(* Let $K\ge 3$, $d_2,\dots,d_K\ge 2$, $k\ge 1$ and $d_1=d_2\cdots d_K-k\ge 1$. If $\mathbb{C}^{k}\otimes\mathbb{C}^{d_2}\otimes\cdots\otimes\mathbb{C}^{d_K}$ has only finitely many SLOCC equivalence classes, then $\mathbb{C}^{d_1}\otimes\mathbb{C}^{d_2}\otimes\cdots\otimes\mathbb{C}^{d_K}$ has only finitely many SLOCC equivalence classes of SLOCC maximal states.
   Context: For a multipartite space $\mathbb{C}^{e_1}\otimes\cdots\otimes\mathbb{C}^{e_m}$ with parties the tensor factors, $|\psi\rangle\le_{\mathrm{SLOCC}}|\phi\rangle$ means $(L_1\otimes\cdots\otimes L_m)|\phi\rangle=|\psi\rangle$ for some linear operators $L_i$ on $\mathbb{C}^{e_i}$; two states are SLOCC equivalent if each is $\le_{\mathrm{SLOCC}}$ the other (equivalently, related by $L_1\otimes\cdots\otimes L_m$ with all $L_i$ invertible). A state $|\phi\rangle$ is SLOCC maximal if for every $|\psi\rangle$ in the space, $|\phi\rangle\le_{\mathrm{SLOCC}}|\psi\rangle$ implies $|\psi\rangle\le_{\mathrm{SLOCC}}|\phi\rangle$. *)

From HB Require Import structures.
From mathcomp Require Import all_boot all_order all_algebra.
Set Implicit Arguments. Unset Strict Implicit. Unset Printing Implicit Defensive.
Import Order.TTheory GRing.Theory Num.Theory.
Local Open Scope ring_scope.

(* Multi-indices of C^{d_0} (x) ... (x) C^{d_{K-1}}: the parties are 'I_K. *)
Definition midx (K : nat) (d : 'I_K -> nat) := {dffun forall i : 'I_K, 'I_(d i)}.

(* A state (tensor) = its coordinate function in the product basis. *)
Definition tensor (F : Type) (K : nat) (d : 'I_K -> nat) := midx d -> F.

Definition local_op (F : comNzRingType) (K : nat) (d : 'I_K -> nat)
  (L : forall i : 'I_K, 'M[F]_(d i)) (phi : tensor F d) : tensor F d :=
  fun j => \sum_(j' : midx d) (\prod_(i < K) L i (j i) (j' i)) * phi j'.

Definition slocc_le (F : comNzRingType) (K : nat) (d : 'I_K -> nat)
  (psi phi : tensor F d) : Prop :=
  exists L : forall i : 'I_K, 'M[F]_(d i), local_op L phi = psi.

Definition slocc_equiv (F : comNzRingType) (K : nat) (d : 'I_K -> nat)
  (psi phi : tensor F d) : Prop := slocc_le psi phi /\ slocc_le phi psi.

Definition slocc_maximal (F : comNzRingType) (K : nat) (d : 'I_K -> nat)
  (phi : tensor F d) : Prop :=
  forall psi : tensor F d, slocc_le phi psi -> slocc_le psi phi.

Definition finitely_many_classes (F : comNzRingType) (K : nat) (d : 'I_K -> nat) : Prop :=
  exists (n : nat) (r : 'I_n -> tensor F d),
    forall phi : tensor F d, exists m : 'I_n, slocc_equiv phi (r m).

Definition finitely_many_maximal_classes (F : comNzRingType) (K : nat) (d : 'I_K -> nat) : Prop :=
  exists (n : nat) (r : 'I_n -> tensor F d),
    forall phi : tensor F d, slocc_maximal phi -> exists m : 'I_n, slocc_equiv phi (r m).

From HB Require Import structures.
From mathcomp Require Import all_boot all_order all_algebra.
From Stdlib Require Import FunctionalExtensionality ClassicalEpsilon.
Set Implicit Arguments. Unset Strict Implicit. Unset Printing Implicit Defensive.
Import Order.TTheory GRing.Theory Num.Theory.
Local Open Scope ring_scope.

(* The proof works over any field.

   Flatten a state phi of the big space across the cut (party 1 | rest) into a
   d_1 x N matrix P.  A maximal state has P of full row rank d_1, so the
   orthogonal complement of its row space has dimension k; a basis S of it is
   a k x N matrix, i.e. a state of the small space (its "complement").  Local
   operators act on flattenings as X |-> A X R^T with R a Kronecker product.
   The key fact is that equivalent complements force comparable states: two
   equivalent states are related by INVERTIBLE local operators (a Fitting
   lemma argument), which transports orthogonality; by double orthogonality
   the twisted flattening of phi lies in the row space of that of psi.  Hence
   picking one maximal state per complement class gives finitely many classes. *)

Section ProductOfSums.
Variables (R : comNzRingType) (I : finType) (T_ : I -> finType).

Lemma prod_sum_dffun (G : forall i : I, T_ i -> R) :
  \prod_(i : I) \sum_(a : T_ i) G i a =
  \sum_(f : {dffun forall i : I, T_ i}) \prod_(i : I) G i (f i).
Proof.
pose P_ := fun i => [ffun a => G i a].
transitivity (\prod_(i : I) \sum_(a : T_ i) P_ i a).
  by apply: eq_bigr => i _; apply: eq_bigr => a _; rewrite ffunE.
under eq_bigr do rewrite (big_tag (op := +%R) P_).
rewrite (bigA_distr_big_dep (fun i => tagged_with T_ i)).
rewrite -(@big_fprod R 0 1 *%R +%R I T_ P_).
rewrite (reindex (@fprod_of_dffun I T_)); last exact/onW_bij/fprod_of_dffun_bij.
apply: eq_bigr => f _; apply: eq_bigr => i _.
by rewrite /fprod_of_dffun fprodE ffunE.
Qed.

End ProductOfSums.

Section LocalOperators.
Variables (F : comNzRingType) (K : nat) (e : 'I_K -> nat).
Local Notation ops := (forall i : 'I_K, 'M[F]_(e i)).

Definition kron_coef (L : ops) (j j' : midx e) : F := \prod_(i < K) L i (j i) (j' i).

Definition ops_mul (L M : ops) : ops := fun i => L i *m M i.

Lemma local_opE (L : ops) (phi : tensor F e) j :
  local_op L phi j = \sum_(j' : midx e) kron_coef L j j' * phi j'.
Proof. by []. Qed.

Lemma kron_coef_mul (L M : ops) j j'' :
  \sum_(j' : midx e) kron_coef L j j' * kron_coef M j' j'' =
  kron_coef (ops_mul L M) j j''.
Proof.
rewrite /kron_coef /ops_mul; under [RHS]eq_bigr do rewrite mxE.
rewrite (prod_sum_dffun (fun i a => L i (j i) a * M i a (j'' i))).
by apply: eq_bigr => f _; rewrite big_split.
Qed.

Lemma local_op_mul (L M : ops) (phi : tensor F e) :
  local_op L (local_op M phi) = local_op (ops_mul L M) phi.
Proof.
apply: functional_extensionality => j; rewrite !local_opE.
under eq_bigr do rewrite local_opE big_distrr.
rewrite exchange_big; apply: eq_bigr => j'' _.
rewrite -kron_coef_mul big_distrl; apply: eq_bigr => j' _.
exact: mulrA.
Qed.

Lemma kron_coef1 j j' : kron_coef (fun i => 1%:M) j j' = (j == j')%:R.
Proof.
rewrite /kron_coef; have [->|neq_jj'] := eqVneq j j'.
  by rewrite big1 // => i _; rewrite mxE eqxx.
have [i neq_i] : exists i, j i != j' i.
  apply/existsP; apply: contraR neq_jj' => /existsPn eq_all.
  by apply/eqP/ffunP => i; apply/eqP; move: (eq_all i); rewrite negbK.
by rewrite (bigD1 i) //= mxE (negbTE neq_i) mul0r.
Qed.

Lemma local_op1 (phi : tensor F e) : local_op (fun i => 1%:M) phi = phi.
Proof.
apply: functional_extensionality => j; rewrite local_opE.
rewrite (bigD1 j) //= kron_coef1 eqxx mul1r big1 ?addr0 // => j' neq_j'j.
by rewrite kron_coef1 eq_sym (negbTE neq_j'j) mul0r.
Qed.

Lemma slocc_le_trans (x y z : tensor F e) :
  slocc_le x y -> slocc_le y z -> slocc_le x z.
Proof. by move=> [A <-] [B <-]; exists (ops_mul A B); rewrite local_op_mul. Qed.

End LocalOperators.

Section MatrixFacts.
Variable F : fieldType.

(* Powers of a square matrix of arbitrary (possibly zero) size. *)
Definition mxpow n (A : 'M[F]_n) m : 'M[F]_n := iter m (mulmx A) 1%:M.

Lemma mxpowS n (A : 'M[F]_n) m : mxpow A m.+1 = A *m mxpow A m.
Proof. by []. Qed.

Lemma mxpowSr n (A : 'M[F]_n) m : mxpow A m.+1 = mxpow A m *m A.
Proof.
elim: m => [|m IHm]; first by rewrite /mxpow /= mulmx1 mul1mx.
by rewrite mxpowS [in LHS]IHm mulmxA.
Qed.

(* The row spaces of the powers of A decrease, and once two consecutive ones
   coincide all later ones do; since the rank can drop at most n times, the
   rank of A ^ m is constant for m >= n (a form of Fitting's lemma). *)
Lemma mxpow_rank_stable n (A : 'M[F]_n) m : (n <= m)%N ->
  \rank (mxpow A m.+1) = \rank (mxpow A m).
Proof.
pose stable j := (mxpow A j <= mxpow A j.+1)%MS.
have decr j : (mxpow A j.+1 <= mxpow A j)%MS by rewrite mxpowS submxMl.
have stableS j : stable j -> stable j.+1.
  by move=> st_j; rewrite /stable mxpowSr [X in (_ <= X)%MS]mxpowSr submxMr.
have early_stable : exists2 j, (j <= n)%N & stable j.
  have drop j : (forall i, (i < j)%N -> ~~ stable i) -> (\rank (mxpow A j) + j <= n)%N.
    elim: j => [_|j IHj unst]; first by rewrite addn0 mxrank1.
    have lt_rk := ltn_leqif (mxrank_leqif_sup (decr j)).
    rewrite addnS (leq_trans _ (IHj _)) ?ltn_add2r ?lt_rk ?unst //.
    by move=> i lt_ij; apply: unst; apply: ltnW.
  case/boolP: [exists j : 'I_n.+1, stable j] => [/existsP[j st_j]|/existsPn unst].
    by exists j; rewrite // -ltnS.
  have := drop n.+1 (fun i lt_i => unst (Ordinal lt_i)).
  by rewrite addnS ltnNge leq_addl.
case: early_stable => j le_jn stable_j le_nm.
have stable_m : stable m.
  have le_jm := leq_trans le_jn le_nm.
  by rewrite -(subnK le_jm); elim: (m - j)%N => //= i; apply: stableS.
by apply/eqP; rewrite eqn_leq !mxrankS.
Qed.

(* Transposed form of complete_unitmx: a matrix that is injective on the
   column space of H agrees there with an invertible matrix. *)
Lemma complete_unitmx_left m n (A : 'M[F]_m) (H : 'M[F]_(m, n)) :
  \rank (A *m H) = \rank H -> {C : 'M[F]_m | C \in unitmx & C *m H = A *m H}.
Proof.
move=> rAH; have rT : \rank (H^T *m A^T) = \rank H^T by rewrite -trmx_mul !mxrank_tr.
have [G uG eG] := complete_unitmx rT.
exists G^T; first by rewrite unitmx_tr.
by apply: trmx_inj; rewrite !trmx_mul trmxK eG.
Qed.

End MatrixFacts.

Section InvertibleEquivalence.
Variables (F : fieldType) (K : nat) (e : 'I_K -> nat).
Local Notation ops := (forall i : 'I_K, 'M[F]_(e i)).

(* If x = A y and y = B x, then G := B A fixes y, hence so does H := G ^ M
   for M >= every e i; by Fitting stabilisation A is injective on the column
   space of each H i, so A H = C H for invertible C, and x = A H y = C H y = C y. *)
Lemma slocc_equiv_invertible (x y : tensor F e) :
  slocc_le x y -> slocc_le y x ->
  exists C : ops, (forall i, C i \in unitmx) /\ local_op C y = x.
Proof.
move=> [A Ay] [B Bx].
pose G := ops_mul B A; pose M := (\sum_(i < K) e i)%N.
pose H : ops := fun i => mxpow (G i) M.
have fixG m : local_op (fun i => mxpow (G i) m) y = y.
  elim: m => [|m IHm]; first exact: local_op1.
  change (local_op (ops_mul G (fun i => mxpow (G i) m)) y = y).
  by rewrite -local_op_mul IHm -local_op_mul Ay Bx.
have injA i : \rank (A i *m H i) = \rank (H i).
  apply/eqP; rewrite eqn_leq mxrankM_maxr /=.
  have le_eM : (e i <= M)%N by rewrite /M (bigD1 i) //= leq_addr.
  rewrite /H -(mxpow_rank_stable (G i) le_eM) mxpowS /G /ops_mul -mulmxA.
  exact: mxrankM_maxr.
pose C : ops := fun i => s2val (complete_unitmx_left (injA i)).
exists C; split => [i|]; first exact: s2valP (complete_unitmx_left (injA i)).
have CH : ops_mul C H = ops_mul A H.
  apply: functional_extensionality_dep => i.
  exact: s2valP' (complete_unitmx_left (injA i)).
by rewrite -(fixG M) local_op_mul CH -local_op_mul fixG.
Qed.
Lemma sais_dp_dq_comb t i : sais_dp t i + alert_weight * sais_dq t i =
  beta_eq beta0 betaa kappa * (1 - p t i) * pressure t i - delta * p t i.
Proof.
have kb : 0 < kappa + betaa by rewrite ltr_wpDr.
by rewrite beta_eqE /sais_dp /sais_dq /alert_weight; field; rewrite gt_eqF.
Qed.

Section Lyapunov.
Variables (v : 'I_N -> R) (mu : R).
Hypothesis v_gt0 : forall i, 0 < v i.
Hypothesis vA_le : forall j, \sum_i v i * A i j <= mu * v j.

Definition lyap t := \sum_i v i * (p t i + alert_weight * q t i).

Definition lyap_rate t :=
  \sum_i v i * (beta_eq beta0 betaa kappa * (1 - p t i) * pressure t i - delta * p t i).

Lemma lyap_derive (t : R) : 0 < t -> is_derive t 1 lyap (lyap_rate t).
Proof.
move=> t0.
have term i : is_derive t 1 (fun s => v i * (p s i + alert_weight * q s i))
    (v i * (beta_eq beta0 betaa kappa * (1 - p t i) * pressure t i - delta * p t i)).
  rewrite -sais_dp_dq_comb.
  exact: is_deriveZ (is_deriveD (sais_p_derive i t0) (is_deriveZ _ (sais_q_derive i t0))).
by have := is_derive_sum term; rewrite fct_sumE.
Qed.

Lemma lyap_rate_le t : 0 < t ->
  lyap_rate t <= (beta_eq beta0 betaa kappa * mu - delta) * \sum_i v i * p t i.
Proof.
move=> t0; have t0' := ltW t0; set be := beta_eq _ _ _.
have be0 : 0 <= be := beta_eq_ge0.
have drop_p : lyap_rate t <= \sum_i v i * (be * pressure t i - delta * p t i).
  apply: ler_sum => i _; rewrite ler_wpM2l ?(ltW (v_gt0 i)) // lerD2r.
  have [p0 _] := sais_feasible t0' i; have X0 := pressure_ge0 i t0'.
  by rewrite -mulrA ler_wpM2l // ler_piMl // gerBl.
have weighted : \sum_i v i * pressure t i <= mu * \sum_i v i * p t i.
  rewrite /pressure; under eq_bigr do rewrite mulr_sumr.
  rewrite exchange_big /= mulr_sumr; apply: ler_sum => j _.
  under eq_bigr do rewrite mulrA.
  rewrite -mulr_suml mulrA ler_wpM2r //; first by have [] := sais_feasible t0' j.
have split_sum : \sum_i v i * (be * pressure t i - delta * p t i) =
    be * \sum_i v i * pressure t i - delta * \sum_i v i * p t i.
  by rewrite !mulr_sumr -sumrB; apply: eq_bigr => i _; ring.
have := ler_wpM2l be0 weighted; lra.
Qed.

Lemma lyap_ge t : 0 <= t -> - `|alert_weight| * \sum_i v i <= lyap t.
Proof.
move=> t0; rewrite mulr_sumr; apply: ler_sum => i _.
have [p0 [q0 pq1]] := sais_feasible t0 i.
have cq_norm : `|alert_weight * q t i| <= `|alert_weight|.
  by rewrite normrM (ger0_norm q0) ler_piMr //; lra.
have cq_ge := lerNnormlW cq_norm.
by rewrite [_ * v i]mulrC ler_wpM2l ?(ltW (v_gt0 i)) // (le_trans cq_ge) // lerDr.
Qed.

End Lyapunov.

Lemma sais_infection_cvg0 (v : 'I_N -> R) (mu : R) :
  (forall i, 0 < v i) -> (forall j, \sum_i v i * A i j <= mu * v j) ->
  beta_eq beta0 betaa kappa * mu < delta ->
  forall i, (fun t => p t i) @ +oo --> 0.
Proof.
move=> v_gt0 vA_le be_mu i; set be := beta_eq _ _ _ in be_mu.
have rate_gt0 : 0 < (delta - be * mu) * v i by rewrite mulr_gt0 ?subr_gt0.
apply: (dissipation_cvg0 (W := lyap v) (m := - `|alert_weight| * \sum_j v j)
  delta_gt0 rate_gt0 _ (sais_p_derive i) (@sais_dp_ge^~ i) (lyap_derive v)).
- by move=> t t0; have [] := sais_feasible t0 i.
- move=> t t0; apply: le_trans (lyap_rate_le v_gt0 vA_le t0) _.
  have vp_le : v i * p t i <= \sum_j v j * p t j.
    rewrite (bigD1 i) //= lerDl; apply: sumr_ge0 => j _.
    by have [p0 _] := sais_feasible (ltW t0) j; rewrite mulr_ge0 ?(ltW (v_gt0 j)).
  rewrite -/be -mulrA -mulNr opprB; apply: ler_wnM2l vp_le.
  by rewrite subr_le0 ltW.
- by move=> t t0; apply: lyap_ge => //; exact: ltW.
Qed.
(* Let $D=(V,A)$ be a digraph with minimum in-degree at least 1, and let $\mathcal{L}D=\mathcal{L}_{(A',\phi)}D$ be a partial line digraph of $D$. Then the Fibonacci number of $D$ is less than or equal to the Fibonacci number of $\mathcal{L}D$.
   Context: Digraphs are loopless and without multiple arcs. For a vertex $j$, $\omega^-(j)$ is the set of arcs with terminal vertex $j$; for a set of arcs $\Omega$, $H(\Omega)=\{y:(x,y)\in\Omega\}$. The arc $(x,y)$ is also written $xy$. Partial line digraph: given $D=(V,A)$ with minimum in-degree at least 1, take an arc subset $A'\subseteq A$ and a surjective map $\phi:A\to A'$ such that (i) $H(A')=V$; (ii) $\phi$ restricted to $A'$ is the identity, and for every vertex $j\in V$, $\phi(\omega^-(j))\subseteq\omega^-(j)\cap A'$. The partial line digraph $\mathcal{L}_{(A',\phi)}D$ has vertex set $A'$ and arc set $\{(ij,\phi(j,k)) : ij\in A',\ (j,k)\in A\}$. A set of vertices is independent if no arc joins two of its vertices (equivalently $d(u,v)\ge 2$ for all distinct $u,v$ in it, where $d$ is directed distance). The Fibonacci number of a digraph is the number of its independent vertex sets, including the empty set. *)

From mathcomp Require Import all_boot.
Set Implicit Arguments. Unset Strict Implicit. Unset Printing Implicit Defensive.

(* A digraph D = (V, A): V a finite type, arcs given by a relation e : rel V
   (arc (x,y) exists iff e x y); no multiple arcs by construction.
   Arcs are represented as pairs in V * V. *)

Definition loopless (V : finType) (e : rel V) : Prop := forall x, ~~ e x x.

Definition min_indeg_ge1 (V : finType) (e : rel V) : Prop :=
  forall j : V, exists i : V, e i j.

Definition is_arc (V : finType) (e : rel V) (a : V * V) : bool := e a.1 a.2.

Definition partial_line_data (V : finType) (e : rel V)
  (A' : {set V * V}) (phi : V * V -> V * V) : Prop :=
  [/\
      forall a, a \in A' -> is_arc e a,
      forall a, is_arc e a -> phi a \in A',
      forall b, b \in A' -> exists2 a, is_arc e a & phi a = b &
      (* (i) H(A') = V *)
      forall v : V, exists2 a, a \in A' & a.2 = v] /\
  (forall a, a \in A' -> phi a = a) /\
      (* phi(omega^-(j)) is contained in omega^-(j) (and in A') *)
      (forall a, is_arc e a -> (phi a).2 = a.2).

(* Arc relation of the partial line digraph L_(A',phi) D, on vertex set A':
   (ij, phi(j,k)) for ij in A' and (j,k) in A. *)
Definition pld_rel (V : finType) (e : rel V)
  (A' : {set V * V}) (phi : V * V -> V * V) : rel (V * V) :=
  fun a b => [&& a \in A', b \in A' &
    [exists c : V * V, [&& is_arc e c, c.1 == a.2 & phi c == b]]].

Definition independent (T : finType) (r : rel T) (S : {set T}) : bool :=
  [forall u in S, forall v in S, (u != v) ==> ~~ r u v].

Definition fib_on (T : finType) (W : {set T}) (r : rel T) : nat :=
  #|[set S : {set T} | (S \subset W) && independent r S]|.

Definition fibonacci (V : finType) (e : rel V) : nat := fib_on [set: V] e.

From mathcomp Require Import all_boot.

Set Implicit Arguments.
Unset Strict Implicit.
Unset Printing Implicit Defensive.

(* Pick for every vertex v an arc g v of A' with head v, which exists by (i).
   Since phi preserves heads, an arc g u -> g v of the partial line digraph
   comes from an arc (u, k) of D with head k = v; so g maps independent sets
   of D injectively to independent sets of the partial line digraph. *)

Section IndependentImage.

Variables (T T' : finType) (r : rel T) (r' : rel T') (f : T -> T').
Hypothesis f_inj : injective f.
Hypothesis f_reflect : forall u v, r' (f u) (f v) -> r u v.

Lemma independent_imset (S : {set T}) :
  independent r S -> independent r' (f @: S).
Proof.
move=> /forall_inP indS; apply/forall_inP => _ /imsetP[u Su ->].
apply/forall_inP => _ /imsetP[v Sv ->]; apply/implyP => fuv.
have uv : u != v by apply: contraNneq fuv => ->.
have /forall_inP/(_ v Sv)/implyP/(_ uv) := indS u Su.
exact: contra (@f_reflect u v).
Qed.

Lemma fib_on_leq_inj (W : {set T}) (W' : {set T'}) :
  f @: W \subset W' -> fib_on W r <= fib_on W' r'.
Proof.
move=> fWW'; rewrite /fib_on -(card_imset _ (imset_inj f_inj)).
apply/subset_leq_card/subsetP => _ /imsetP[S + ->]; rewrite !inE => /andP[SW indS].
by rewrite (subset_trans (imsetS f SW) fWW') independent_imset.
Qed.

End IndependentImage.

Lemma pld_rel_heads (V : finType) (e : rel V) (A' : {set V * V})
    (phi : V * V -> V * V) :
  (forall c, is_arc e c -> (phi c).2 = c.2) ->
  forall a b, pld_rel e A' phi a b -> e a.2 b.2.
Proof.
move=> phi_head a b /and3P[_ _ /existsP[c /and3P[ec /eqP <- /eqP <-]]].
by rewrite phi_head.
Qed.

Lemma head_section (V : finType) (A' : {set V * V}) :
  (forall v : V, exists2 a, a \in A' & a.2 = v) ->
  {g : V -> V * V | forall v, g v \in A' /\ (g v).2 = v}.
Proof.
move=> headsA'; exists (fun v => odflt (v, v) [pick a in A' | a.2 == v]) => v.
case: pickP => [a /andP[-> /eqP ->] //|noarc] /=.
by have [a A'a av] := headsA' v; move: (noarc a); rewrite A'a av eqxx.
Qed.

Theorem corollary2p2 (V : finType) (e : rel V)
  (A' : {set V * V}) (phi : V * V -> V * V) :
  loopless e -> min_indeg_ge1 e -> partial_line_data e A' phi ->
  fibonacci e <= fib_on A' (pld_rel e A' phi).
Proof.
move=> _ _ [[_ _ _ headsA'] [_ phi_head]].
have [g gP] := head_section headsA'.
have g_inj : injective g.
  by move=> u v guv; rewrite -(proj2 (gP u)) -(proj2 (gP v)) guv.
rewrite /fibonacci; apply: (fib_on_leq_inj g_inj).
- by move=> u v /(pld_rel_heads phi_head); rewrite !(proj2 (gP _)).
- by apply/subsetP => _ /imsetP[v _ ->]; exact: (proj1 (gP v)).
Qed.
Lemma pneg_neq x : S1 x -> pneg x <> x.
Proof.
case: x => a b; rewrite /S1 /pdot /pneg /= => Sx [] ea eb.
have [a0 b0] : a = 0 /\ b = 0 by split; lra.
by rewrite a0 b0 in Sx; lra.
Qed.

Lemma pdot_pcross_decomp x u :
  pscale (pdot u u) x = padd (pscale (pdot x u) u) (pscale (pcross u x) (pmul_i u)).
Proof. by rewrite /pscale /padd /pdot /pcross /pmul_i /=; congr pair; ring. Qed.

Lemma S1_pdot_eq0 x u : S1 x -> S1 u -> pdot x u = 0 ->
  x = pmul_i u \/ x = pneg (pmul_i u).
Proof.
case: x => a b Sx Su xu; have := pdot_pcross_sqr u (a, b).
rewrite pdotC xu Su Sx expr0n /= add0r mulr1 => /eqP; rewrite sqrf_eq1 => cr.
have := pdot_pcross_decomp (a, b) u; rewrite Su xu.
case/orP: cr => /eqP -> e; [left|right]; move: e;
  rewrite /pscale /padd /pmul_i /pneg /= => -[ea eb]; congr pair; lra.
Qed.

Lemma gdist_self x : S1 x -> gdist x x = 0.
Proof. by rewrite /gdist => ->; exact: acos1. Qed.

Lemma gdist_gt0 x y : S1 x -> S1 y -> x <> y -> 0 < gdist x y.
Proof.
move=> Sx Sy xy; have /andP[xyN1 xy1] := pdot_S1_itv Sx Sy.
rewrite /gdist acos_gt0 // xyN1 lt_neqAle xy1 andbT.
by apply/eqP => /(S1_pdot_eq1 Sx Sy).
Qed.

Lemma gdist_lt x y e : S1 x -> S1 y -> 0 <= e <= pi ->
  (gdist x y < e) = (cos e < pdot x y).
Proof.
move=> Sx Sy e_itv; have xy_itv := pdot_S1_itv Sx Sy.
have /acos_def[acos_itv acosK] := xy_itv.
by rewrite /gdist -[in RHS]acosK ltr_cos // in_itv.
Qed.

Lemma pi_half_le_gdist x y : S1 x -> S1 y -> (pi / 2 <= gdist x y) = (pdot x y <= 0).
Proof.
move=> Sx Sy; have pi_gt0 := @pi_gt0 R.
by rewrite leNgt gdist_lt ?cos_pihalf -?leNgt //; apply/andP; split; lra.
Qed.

TASK PROMPT:
Using the data above, reproduce exactly the lines between those holding "Section MatrixFacts." and "Lemma complete_unitmx_left m", inclusive, and no others.

OUTPUT:
Section MatrixFacts.
Variable F : fieldType.

(* Powers of a square matrix of arbitrary (possibly zero) size. *)
Definition mxpow n (A : 'M[F]_n) m : 'M[F]_n := iter m (mulmx A) 1%:M.

Lemma mxpowS n (A : 'M[F]_n) m : mxpow A m.+1 = A *m mxpow A m.
Proof. by []. Qed.

Lemma mxpowSr n (A : 'M[F]_n) m : mxpow A m.+1 = mxpow A m *m A.
Proof.
elim: m => [|m IHm]; first by rewrite /mxpow /= mulmx1 mul1mx.
by rewrite mxpowS [in LHS]IHm mulmxA.
Qed.

(* The row spaces of the powers of A decrease, and once two consecutive ones
   coincide all later ones do; since the rank can drop at most n times, the
   rank of A ^ m is constant for m >= n (a form of Fitting's lemma). *)
Lemma mxpow_rank_stable n (A : 'M[F]_n) m : (n <= m)%N ->
  \rank (mxpow A m.+1) = \rank (mxpow A m).
Proof.
pose stable j := (mxpow A j <= mxpow A j.+1)%MS.
have decr j : (mxpow A j.+1 <= mxpow A j)%MS by rewrite mxpowS submxMl.
have stableS j : stable j -> stable j.+1.
  by move=> st_j; rewrite /stable mxpowSr [X in (_ <= X)%MS]mxpowSr submxMr.
have early_stable : exists2 j, (j <= n)%N & stable j.
  have drop j : (forall i, (i < j)%N -> ~~ stable i) -> (\rank (mxpow A j) + j <= n)%N.
    elim: j => [_|j IHj unst]; first by rewrite addn0 mxrank1.
    have lt_rk := ltn_leqif (mxrank_leqif_sup (decr j)).
    rewrite addnS (leq_trans _ (IHj _)) ?ltn_add2r ?lt_rk ?unst //.
    by move=> i lt_ij; apply: unst; apply: ltnW.
  case/boolP: [exists j : 'I_n.+1, stable j] => [/existsP[j st_j]|/existsPn unst].
    by exists j; rewrite // -ltnS.
  have := drop n.+1 (fun i lt_i => unst (Ordinal lt_i)).
  by rewrite addnS ltnNge leq_addl.
case: early_stable => j le_jn stable_j le_nm.
have stable_m : stable m.
  have le_jm := leq_trans le_jn le_nm.
  by rewrite -(subnK le_jm); elim: (m - j)%N => //= i; apply: stableS.
by apply/eqP; rewrite eqn_leq !mxrankS.
Qed.

(* Transposed form of complete_unitmx: a matrix that is injective on the
   column space of H agrees there with an invertible matrix. *)
Lemma complete_unitmx_left m n (A : 'M[F]_m) (H : 'M[F]_(m, n)) :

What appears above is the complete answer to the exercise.